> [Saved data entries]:

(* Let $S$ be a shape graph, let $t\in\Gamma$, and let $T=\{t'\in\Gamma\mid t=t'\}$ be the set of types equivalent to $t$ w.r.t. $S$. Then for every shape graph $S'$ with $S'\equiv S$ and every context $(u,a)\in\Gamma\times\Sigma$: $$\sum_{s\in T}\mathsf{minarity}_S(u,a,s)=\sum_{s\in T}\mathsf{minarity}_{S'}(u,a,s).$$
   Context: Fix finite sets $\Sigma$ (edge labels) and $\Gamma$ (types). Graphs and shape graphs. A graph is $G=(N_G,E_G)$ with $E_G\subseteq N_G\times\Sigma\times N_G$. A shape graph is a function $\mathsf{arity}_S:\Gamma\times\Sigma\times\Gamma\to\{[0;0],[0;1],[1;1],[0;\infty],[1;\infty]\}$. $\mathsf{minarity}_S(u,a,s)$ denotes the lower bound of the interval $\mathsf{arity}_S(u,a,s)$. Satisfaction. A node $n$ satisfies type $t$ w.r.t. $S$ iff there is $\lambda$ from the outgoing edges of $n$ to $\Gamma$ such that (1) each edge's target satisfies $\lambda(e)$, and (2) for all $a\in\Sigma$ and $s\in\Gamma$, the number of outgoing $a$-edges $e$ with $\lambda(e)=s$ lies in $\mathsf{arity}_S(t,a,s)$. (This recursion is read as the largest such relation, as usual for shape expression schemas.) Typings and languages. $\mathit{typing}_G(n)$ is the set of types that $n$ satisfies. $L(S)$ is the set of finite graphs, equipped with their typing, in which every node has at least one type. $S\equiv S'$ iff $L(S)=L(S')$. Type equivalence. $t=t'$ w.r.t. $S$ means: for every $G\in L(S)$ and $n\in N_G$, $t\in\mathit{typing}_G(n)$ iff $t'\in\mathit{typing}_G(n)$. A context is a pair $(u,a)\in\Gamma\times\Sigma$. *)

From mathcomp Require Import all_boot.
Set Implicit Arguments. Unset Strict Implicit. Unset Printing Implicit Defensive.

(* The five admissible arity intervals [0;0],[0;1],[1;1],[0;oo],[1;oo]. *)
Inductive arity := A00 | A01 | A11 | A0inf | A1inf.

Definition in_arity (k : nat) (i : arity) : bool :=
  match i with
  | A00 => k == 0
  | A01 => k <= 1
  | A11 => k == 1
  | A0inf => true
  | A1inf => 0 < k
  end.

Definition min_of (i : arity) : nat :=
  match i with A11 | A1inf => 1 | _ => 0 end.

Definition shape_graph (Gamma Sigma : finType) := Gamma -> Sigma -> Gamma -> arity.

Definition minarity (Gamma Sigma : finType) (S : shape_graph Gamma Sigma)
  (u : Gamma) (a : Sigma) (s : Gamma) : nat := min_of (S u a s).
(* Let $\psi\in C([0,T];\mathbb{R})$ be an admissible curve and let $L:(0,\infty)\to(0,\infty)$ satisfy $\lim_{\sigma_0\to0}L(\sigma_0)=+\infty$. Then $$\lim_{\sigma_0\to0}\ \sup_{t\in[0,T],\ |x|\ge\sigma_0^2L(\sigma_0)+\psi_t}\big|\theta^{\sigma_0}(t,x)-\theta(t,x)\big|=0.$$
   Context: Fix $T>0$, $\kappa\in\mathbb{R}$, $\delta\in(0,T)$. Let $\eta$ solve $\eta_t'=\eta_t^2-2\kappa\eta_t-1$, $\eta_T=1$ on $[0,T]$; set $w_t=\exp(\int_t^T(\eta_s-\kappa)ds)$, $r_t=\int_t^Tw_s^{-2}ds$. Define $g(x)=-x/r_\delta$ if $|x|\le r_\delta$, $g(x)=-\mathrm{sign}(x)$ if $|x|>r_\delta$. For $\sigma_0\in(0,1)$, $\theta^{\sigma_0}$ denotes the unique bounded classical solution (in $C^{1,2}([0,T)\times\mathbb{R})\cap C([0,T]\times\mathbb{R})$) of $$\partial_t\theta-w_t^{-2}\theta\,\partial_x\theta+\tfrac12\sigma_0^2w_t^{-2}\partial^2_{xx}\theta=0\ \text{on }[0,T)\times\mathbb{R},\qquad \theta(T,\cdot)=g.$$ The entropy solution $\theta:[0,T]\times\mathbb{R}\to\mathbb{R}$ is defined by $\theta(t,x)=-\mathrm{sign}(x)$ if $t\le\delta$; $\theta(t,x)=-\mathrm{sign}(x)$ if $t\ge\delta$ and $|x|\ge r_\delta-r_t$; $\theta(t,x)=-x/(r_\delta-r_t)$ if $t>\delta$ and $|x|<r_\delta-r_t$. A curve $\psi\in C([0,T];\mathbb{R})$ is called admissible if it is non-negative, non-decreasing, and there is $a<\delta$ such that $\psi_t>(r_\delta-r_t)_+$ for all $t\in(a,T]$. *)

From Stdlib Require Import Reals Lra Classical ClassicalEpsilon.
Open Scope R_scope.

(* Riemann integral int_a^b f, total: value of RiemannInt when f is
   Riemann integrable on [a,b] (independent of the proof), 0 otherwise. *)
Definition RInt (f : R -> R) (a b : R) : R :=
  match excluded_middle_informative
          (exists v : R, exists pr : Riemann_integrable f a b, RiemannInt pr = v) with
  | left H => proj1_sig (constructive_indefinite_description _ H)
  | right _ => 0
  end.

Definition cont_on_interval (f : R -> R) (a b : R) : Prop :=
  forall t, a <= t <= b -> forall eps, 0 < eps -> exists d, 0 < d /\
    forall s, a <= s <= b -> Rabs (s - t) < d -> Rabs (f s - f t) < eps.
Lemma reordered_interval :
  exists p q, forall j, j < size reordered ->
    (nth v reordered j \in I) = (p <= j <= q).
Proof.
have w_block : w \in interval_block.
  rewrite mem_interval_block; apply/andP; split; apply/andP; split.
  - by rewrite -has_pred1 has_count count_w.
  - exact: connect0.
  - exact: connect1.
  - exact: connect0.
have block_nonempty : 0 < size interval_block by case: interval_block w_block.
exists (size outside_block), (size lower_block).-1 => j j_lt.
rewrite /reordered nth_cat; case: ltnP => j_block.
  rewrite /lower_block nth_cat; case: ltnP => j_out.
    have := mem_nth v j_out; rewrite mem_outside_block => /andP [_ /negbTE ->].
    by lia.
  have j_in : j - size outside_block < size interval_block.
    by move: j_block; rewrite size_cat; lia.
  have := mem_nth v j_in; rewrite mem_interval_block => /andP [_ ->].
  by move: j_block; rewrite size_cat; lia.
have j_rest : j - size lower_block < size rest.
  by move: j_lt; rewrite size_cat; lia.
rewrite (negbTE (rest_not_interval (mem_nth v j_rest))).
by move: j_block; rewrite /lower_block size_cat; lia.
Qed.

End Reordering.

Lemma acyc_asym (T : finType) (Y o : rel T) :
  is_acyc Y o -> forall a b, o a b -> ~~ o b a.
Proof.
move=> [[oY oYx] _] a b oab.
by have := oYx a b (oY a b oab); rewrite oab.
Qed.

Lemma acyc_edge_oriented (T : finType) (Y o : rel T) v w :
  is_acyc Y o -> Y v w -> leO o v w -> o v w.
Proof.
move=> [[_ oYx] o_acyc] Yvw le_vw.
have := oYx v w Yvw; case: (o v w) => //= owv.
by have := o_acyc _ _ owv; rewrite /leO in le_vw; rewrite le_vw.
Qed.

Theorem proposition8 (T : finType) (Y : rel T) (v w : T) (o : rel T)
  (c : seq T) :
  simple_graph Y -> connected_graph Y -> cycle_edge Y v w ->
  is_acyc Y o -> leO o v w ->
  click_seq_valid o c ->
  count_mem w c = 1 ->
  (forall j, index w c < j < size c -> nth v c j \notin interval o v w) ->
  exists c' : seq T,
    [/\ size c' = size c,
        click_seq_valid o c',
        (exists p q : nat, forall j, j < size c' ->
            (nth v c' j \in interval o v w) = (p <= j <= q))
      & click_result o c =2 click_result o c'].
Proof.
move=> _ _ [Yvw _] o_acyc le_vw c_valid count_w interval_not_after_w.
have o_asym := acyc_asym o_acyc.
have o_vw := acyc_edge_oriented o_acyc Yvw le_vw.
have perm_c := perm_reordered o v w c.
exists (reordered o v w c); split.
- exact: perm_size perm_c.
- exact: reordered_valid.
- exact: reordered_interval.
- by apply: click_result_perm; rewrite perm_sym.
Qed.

> [PROMPT]: Output the line containing "exists (reordered o v w c); split." and all lines after it to the end of the records, exactly as given.

> [COMPLETED TASK]:
exists (reordered o v w c); split.
- exact: perm_size perm_c.
- exact: reordered_valid.
- exact: reordered_interval.
- by apply: click_result_perm; rewrite perm_sym.
Qed.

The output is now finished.